» **Exercise details**
In the entries that follow, the lines from the one with "exists V : set T, nbhs" through the one with "move=> [V [nV" are the ones to write out, exactly and with both ends included. Nothing else should appear.

» **Supplied material**

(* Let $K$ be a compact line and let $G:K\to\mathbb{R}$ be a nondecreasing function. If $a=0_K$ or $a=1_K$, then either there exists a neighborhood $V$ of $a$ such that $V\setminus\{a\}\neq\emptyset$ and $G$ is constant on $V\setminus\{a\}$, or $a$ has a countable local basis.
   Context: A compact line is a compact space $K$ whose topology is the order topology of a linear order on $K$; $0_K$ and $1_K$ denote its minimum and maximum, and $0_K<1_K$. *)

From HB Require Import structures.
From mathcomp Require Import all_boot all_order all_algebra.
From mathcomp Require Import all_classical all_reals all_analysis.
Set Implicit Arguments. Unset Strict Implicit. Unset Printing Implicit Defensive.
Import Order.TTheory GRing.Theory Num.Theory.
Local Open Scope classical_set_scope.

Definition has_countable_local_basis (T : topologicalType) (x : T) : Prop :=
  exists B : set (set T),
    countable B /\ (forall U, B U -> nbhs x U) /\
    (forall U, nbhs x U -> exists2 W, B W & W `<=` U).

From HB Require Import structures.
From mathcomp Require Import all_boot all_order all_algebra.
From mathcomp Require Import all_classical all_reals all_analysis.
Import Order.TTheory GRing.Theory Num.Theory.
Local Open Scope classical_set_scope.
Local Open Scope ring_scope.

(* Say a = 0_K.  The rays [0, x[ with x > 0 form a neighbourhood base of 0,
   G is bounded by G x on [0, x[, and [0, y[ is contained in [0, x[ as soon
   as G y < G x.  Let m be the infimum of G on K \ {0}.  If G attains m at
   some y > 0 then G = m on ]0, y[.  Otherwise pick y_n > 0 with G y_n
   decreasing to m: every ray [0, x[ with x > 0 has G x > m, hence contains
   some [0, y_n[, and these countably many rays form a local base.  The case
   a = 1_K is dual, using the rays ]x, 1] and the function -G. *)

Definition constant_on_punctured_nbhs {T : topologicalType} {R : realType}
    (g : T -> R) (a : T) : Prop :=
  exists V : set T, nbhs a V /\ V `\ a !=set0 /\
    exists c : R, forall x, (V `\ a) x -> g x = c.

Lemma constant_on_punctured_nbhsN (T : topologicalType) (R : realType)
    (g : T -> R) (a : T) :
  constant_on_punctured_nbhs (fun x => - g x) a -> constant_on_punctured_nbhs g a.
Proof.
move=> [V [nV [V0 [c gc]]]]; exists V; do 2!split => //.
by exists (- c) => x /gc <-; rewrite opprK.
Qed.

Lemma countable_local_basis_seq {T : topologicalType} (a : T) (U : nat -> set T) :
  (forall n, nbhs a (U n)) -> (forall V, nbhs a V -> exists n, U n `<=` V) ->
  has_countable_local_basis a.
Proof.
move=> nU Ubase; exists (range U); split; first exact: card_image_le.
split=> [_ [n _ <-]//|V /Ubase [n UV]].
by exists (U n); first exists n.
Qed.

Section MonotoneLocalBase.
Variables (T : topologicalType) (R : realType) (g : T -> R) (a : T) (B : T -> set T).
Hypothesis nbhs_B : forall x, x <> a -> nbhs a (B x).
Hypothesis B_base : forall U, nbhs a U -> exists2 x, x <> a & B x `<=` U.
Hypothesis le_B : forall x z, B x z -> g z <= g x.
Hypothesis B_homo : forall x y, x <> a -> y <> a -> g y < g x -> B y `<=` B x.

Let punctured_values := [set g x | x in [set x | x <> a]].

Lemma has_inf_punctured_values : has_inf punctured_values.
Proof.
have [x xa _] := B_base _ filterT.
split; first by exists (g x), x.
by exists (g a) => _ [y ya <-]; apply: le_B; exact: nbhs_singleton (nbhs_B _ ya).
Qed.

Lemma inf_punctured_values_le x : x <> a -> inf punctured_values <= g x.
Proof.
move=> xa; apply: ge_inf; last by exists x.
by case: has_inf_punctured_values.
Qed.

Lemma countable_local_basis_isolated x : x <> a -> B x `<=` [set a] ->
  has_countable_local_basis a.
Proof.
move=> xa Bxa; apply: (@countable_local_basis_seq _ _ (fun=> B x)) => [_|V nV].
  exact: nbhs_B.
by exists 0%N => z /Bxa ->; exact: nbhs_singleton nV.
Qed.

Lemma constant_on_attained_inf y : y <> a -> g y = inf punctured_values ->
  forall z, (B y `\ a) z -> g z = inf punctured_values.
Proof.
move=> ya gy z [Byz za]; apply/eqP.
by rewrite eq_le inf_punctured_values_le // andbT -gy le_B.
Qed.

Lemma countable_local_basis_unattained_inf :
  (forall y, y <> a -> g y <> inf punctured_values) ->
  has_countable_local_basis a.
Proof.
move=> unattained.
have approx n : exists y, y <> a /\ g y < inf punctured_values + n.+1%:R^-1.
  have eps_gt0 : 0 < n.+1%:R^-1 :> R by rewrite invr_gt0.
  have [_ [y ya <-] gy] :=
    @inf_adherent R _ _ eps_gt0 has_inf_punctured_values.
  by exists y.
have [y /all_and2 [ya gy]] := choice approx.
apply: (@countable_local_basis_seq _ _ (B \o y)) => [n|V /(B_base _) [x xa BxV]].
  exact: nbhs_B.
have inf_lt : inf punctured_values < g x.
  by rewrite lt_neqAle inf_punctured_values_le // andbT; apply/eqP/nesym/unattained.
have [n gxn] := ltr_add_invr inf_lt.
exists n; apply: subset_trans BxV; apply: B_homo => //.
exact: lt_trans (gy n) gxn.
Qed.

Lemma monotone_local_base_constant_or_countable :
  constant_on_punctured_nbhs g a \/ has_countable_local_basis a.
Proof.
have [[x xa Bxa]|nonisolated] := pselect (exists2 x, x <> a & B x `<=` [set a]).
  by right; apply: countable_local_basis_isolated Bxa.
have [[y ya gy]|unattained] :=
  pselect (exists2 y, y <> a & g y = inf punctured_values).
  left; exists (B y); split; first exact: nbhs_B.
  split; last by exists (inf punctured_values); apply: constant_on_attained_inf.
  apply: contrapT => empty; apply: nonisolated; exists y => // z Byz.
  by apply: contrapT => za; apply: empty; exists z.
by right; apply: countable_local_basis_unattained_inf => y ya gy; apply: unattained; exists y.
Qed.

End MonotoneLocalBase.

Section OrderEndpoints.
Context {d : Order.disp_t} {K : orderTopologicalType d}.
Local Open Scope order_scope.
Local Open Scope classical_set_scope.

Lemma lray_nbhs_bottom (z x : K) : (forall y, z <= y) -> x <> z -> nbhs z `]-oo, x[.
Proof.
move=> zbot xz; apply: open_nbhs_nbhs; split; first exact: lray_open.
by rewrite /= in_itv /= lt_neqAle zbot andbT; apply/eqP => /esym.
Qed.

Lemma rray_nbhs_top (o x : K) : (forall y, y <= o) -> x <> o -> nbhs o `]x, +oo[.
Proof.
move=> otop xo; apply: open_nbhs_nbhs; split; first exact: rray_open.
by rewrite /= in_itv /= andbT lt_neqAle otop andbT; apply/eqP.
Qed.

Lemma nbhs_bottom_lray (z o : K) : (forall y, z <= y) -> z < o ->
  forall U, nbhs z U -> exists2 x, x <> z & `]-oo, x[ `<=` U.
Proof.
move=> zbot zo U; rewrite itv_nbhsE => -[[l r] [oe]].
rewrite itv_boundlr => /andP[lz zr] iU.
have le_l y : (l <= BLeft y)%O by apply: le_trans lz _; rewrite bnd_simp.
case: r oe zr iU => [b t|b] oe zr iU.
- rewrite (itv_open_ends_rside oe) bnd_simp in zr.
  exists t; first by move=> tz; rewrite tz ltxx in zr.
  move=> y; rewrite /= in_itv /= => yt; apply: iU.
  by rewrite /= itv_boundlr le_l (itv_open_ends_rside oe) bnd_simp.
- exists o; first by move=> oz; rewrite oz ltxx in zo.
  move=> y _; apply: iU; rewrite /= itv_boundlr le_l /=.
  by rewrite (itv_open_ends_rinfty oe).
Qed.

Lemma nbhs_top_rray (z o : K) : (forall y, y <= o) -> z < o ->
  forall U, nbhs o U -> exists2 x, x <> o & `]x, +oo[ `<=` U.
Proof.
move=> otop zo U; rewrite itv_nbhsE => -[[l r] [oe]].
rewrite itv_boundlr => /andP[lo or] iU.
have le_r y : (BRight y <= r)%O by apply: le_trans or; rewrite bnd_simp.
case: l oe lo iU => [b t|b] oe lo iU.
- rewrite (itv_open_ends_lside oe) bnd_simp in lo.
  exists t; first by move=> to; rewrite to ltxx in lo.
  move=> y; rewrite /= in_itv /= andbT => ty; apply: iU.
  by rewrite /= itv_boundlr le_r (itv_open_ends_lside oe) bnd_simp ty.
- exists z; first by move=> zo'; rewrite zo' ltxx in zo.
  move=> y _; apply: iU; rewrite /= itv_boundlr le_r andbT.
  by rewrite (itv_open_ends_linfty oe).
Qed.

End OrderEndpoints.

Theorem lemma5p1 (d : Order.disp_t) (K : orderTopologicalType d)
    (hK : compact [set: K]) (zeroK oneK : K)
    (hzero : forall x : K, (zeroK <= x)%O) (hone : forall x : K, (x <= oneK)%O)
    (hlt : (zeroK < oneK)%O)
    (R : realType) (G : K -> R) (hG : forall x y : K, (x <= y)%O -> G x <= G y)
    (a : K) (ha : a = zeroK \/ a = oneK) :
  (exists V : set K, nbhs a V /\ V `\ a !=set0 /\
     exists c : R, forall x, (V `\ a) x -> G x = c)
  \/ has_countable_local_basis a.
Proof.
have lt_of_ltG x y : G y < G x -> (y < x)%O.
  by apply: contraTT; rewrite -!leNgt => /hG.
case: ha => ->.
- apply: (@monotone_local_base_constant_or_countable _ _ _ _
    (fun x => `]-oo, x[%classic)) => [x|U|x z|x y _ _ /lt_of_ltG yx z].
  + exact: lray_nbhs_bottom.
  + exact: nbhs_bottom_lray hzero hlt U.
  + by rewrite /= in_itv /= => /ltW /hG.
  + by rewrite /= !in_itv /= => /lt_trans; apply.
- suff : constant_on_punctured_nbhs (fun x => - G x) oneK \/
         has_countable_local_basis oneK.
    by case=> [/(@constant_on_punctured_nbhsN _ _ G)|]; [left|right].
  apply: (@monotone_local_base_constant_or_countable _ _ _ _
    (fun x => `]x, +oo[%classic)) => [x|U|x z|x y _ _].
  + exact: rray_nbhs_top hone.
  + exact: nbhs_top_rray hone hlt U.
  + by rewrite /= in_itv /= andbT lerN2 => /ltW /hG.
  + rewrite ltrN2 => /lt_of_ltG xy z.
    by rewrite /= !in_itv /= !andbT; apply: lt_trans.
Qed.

» **Result for this task**
  exists V : set T, nbhs a V /\ V `\ a !=set0 /\
    exists c : R, forall x, (V `\ a) x -> g x = c.

Lemma constant_on_punctured_nbhsN (T : topologicalType) (R : realType)
    (g : T -> R) (a : T) :
  constant_on_punctured_nbhs (fun x => - g x) a -> constant_on_punctured_nbhs g a.
Proof.
move=> [V [nV [V0 [c gc]]]]; exists V; do 2!split => //.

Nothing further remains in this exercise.